Respiratory Syncytial Virus Respiratory syncytial virus (RSV) is the most important respiratory pathogen of infants and young children, in whom it is the predominant cause of bronchiolitis and pneumonia (30,31). Community-based outbreaks occur every winter and spring, and essentially the entire population has serologic evidence of infection by age 3 years. Immunity is short-lived and reinfection can occur annually. Thus, RSV spreads readily to healthcare workers. The disease is mild in previously infected adults, who may be asymptomatic or experience symptoms of the common cold (31).
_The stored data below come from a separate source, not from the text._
Lemma sumR_ext l f g : (forall i, In i l -> f i = g i) -> sumR l f = sumR l g.
Proof. intros Hfg; unfold sumR; f_equal; now apply map_ext_in. Qed.

Lemma sumR_plus l f g : sumR l (fun i => f i + g i) = sumR l f + sumR l g.
Proof. induction l as [|a l IH]; unfold sumR in *; simpl; [|rewrite IH]; lra. Qed.

Lemma sumR_const l c : sumR l (fun _ => c) = INR (length l) * c.
Proof.
  induction l as [|a l IH]; unfold sumR in *; cbn [map fold_right length]; [simpl; lra|].
  rewrite IH, S_INR; lra.
Qed.

Lemma sumR_nonneg l f : (forall i, In i l -> 0 <= f i) -> 0 <= sumR l f.
Proof.
  intros Hf; apply (Rle_trans _ (sumR l (fun _ => 0))); [|now apply sumR_le].
  rewrite sumR_const; lra.
Qed.

Lemma sumR_ge_term l f x : (forall i, In i l -> 0 <= f i) -> In x l -> f x <= sumR l f.
Proof.
  induction l as [|a l IH]; intros Hf Hx; [contradiction|].
  pose proof (sumR_nonneg l f (fun i Hi => Hf i (or_intror Hi))).
  pose proof (Hf a (or_introl eq_refl)).
  unfold sumR in *; simpl in *; destruct Hx as [<-|Hx]; [lra|].
  pose proof (IH (fun i Hi => Hf i (or_intror Hi)) Hx); lra.
Qed.

Lemma sumR_swap l1 l2 (f : nat -> nat -> R) :
  sumR l1 (fun k => sumR l2 (fun i => f i k)) = sumR l2 (fun i => sumR l1 (fun k => f i k)).
Proof.
  induction l1 as [|a l1 IH]; unfold sumR in *; simpl.
  - induction l2; simpl; lra.
  - rewrite IH; symmetry; apply (sumR_plus l2 (fun i => f i a)).
Qed.

Lemma sumR_indicator l (b : nat -> bool) :
  sumR l (fun i => if b i then 1 else 0) = INR (length (filter b l)).
Proof.
  induction l as [|a l IH]; unfold sumR in *; cbn [map fold_right filter]; [simpl; lra|].
  rewrite IH; destruct (b a); cbn [length]; [rewrite S_INR|]; lra.
Qed.

Lemma floor_nat t : 0 <= t -> exists k, INR k <= t < INR k + 1.
Proof.
  intros Ht; destruct (archimed t) as [Hup1 Hup2].
  assert (Hpos : (0 <= up t - 1)%Z) by (assert (0 < up t)%Z by (apply lt_IZR; lra); lia).
  exists (Z.to_nat (up t - 1)).
  rewrite INR_IZR_INZ, Z2Nat.id, minus_IZR by exact Hpos; simpl; lra.
Qed.

Lemma ceil_nat t : 0 <= t -> exists k, t <= INR k < t + 1.
Proof.
  intros Ht; destruct (floor_nat t Ht) as [k Hk].
  destruct (Req_dec (INR k) t); [exists k; lra|].
  exists (Datatypes.S k); rewrite S_INR; lra.
Qed.

Lemma INR_succ_le a b : (a < b)%nat -> INR a + 1 <= INR b.
Proof. intros Hab; rewrite <- S_INR; apply le_INR; lia. Qed.

Lemma INR_le_of_lt_succ a b t : INR a <= t -> t < INR b + 1 -> (a <= b)%nat.
Proof.
  intros Ha Hb; destruct (Nat.le_gt_cases a b) as [|Hlt]; [assumption|].
  apply INR_succ_le in Hlt; lra.
Qed.

Lemma in_nodes T i : In i (nodes T) <-> (i < size T)%nat.
Proof. unfold nodes; rewrite in_seq; lia. Qed.

Definition live (T : InTree) (S : Schedule) (t : R) (i : nat) : bool :=
  if Rle_dec (start S i) t then if Rlt_dec t (out_end T S i) then true else false
  else false.

Lemma liveP T S t i : live T S t i = true <-> start S i <= t < out_end T S i.
Proof.
  unfold live; destruct (Rle_dec (start S i) t), (Rlt_dec t (out_end T S i));
    split; intros H;
    solve [easy | lra | discriminate].
Qed.

Lemma mem_used_pebble T S t : PebbleGame T ->
  mem_used T S t = INR (length (filter (live T S t) (nodes T))).
Proof.
  intros HT; rewrite <- sumR_indicator; unfold mem_used, sumR; f_equal.
  apply map_ext_in; intros i Hi; apply in_nodes in Hi.
  destruct (HT i Hi) as [-> [-> ->]].
  unfold indic, live.
  destruct (Rle_dec (start S i) t), (Rlt_dec t (out_end T S i)); ring.
Qed.

Lemma mem_used_ge_live T S t l : PebbleGame T -> NoDup l ->
  (forall i, In i l -> (i < size T)%nat /\ live T S t i = true) ->
  INR (length l) <= mem_used T S t.
Proof.
  intros HT Hl Hlive; rewrite mem_used_pebble by exact HT.
  apply le_INR, NoDup_incl_length; [exact Hl|].
  intros i Hi; destruct (Hlive i Hi); apply filter_In; rewrite in_nodes; auto.
Qed.

Lemma mem_used_le_live T S t l : PebbleGame T ->
  (forall i, (i < size T)%nat -> live T S t i = true -> In i l) ->
  mem_used T S t <= INR (length l).
Proof.
  intros HT Hlive; rewrite mem_used_pebble by exact HT.
  apply le_INR, NoDup_incl_length; [apply NoDup_filter, seq_NoDup|].
  intros i Hi; apply filter_In in Hi as [Hi Hl]; apply in_nodes in Hi; auto.
Qed.

Lemma mem_used_le_peak T S M t : PeakMemory T S M -> mem_used T S t <= M.
Proof. intros [Hub _]; apply Hub; eauto. Qed.

Lemma peak_attained T S M t0 :
  (forall t, mem_used T S t <= M) -> M <= mem_used T S t0 -> PeakMemory T S M.
Proof.
  intros Hub Hatt; split.
  - intros x [t ->]; apply Hub.
  - intros b Hb; apply (Rle_trans _ _ _ Hatt), Hb; eauto.
Qed.

Lemma makespan_nonneg T S : 0 <= makespan T S.
Proof.
  unfold makespan; induction (nodes T); simpl; [lra|].
  apply (Rle_trans _ _ _ IHl), Rmax_r.
Qed.

Lemma completion_le_makespan T S i : (i < size T)%nat -> start S i + w T i <= makespan T S.
Proof.
  intros Hi; apply in_nodes in Hi; unfold makespan; induction (nodes T); [contradiction|].
  simpl; destruct Hi as [<-|Hi]; [apply Rmax_l|].
  apply (Rle_trans _ _ _ (IHl Hi)), Rmax_r.
Qed.

Lemma makespan_le T S m : 0 <= m ->
  (forall i, (i < size T)%nat -> start S i + w T i <= m) -> makespan T S <= m.
Proof.
  intros Hm Hle; unfold makespan.
  assert (Hin : forall i, In i (nodes T) -> start S i + w T i <= m)
    by (intros i Hi; apply Hle, in_nodes, Hi).
  induction (nodes T); simpl; [exact Hm|].
  apply Rmax_lub; [apply Hin; left | apply IHl; intros; apply Hin; right]; auto.
Qed.

Lemma completion_le_out_end T p S i : ValidSchedule T p S -> (i < size T)%nat ->
  start S i + w T i <= out_end T S i.
Proof.
  intros [_ [_ Hprec]] Hi; unfold out_end.
  destruct (Nat.eq_dec i (root T)) as [_|Hr]; [now apply completion_le_makespan|].
  pose proof (Hprec i Hi Hr); pose proof (w_nonneg T (parent T i)); lra.
Qed.

Lemma live_at_start T p S v : PebbleGame T -> ValidSchedule T p S -> (v < size T)%nat ->
  live T S (start S v) v = true.
Proof.
  intros HT HV Hv; apply liveP.
  pose proof (completion_le_out_end T p S v HV Hv); destruct (HT v Hv) as [_ [Hw _]]; lra.
Qed.

Lemma live_child_at_parent_start T p S c : PebbleGame T -> ValidSchedule T p S ->
  (c < size T)%nat -> c <> root T -> live T S (start S (parent T c)) c = true.
Proof.
  intros HT HV Hc Hr; apply liveP; unfold out_end.
  destruct (Nat.eq_dec c (root T)) as [|_]; [contradiction|].
  destruct HV as [_ [_ Hprec]]; pose proof (Hprec c Hc Hr).
  destruct (HT c Hc) as [_ [Hwc _]].
  destruct (HT (parent T c) (parent_lt T c Hc Hr)) as [_ [Hwp _]]; lra.
Qed.

Definition parent_chain (T : InTree) (v : nat -> nat) (m : nat) : Prop :=
  (forall j, (j <= m)%nat -> (v j < size T)%nat) /\
  (forall j, (j < m)%nat -> v j <> root T /\ parent T (v j) = v (j + 1)%nat).

Lemma start_along_parent_chain T p S v m : PebbleGame T -> ValidSchedule T p S ->
  parent_chain T v m -> start S (v 0%nat) + INR m <= start S (v m).
Proof.
  intros HT [_ [_ Hprec]] [Hsize Hpar]; induction m as [|m IH]; [simpl; lra|].
  assert (Hm : (m < Datatypes.S m)%nat) by lia.
  destruct (Hpar m Hm) as [Hr Hp].
  pose proof (Hprec (v m) (Hsize m (Nat.le_succ_diag_r m)) Hr) as Hstep.
  destruct (HT (v m) (Hsize m (Nat.le_succ_diag_r m))) as [_ [Hw _]].
  rewrite Hp, Nat.add_1_r in Hstep; rewrite S_INR.
  enough (start S (v 0%nat) + INR m <= start S (v m)) by lra.
  apply IH; intros j Hj; [apply Hsize | apply Hpar]; lia.
Qed.

Lemma makespan_ge_parent_chain T p S v m : PebbleGame T -> ValidSchedule T p S ->
  parent_chain T v m -> INR m + 1 <= makespan T S.
Proof.
  intros HT HV Hchain.
  pose proof (start_along_parent_chain T p S v m HT HV Hchain).
  destruct Hchain as [Hsize _].
  destruct HV as [Hproc _]; destruct (Hproc (v 0%nat) (Hsize 0%nat (Nat.le_0_l m))).
  pose proof (completion_le_makespan T S (v m) (Hsize m (Nat.le_refl m))).
  destruct (HT (v m) (Hsize m (Nat.le_refl m))) as [_ [Hw _]]; lra.
Qed.

Definition unit_schedule (pr f : nat -> nat) : Schedule :=
  {| proc := pr; start := fun i => INR (f i) |}.

Lemma unit_schedule_valid T p pr f : PebbleGame T ->
  (forall i, (i < size T)%nat -> (pr i < p)%nat) ->
  (forall i j, (i < size T)%nat -> (j < size T)%nat -> i <> j -> pr i = pr j -> f i <> f j) ->
  (forall c, (c < size T)%nat -> c <> root T -> (f c < f (parent T c))%nat) ->
  ValidSchedule T p (unit_schedule pr f).
Proof.
  intros HT Hproc Hdisj Hprec; split; [|split]; simpl.
  - intros i Hi; split; [auto | apply pos_INR].
  - intros i j t Hi Hj Hij Hpr [[Hi1 Hi2] [Hj1 Hj2]]; simpl in *.
    destruct (HT i Hi) as [_ [Hwi _]], (HT j Hj) as [_ [Hwj _]].
    destruct (Nat.lt_total (f i) (f j)) as [Hlt|[Heq|Hlt]];
      [| exact (Hdisj i j Hi Hj Hij Hpr Heq) |];
      apply INR_succ_le in Hlt; lra.
  - intros c Hc Hr; destruct (HT c Hc) as [_ [Hwc _]]; rewrite Hwc.
    apply INR_succ_le, Hprec; auto.
Qed.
Despite their mild illness, however, infected healthcare workers can serve as a source of infection for pediatric (32,33) and other (27,34, 35, 36 and 37) patients in whom infection may be dangerous.
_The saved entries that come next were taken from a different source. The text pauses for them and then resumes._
(* For all sufficiently large $n$ one has $k_n>0$; setting $u_n=k_n^{1/2}\langle k_n\theta\rangle$ and $v_n=k_n^{1/2}\langle k_n\theta^2\rangle$ for such $n$, $$\lim_{n\to\infty}\Big((\theta u_n-2v_n)^2+(3\theta^2-4p)u_n^2\Big)=\frac{4d^3}{3\theta^2-p};$$ that is, the points $(u_n,v_n)$ approach the ellipse $(\theta x-2y)^2+(3\theta^2-4p)x^2=\frac{4d^3}{3\theta^2-p}$.
   Context: Standing setup: $p,q\in\mathbb{Z}$ are such that $x^3-px-q$ is irreducible over $\mathbb{Q}$ with exactly one real root $\theta$ (one has $3\theta^2-4p>0$ and $3\theta^2-p>0$). $K=\mathbb{Q}(\theta)\subset\mathbb{R}$, $\mathcal{O}_K$ its ring of integers. $d$ is a positive integer with $\mathcal{O}_K\subseteq\frac1d\mathbb{Z}[\theta]$. $\lambda\in\mathcal{O}_K$ is a unit with $\lambda>1$. For $n\ge1$ the rationals $a_n,b_n,c_n$ are defined by $a_n+b_n\theta+c_n\theta^2=\lambda^n$, and $k_n=dc_n$. For $x\in\mathbb{R}$, $\langle x\rangle=x-\lfloor x+\tfrac12\rfloor$. *)

From mathcomp Require Import all_boot all_order all_algebra.
From Stdlib Require Import ZArith Reals.

Local Open Scope ring_scope.

Definition Z2int (z : Z) : int :=
  match z with
  | Z0 => 0
  | Zpos n => (Pos.to_nat n)%:Z
  | Zneg n => - (Pos.to_nat n)%:Z
  end.

Definition cubic_irreducible_Q (p q : Z) : Prop :=
  irreducible_poly ('X^3 - ((Z2int p)%:~R : rat)%:P * 'X - ((Z2int q)%:~R : rat)%:P
                    : {poly rat}).

Local Close Scope ring_scope.
Local Open Scope R_scope.

Definition is_rat (r : R) : Prop :=
  exists (z : Z) (m : positive), r = IZR z / IZR (Zpos m).

Definition is_alg_int (r : R) : Prop :=
  exists (n : nat) (c : nat -> Z),
    r ^ (S n) + sum_f_R0 (fun i => IZR (c i) * r ^ i) n = 0.

Definition in_K (theta r : R) : Prop :=
  exists a b c : R, is_rat a /\ is_rat b /\ is_rat c /\
    r = a + b * theta + c * theta ^ 2.

Definition in_OK (theta r : R) : Prop := in_K theta r /\ is_alg_int r.

Definition in_dZtheta (d : Z) (theta r : R) : Prop :=
  exists a b c : Z, r = (IZR a + IZR b * theta + IZR c * theta ^ 2) / IZR d.

Definition is_unit_OK (theta r : R) : Prop :=
  r <> 0 /\ in_OK theta r /\ in_OK theta (/ r).

(* <x> = x - floor(x + 1/2); Int_part is the floor function *)
Definition nearest_dev (x : R) : R := x - IZR (Int_part (x + / 2)).

(* Write elements of K in coordinates on the basis 1, theta, theta^2.  The norm N(x) is x times
   |x'|^2, where x' is a complex conjugate of x and |x'|^2 is a positive definite quadratic
   form in e = c theta - b and g = c theta^2 - a - p c.  For a positive x in O_K, d^3 N(x) is a
   positive integer, so applying this to all powers of lambda and of 1/lambda forces
   N(lambda) = 1.  Hence |lambda_n'|^2 = lambda^-n, so e_n, g_n -> 0.  As k_n theta and
   k_n theta^2 differ from d e_n and d g_n by integers, eventually <k_n theta> = d e_n and
   <k_n theta^2> = d g_n, and the quadratic expression equals
   4 d^2 k_n |lambda_n'|^2 = 4 d^3 (lambda^n + g_n + e_n theta) / ((3 theta^2 - p) lambda^n). *)

From Stdlib Require Import ZArith Reals Lra Lia.
From mathcomp Require all_boot all_algebra Rstruct.

Module AlgebraicFacts.
Import mathcomp.boot.all_boot mathcomp.algebra.all_algebra mathcomp.reals_stdlib.Rstruct.
Import GRing.Theory.
Local Open Scope ring_scope.

Definition int2Z (z : int) : Z :=
  match z with Posz n => Z.of_nat n | Negz n => Z.opp (Z.of_nat n.+1) end.

Lemma IZR_int2Z (z : int) : IZR (int2Z z) = (z%:~R : R).
Proof.
case: z => n; rewrite /int2Z.
  by rewrite -INR_IZR_INZ INRE.
by rewrite opp_IZR -INR_IZR_INZ INRE NegzE mulrNz.
Qed.

Lemma Z2int_IZR (z : Z) : ((Z2int z)%:~R : R) = IZR z.
Proof.
case: z => [|n|n] //=; last rewrite mulrNz -[IZR (Zneg n)]/(Ropp (IZR (Zpos n))).
all: by rewrite IZRposE INRE Pos_to_natE.
Qed.

Lemma sum_f_R0E (f : nat -> R) (m : nat) : sum_f_R0 f m = \sum_(i < m.+1) f i.
Proof.
elim: m => [|m IH]; first by rewrite big_ord_recr big_ord0 /= add0r.
by rewrite /= IH [in RHS]big_ord_recr.
Qed.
Hall et al. (32) studied healthcare-associated RSV during a community outbreak and found that 45% of infants hospitalized 1 week or more acquired infection as did 10 of 24 staff members. Indeed, in the absence of effective barrier precautions, 30% to 60% of healthcare workers caring for RSV-infected children acquired infection (38,39).
RSV infection appears to be acquired through inoculation of the eyes or nose by direct and indirect contact with infectious respiratory secretions (31,39). Use by caregivers of eye-nose goggles markedly reduces spread of the disease (38,40), probably by preventing selfinoculation via contaminated hands; others have shown similar benefit through use of gloves and gowns (41) or gloves, gowns, and masks (42). To curtail both direct and indirect contact spread, use of Standard and Contact Precautions is appropriate. As is so often the case, scrupulous hand washing is the key to prevention of infection (see also Chapter 91).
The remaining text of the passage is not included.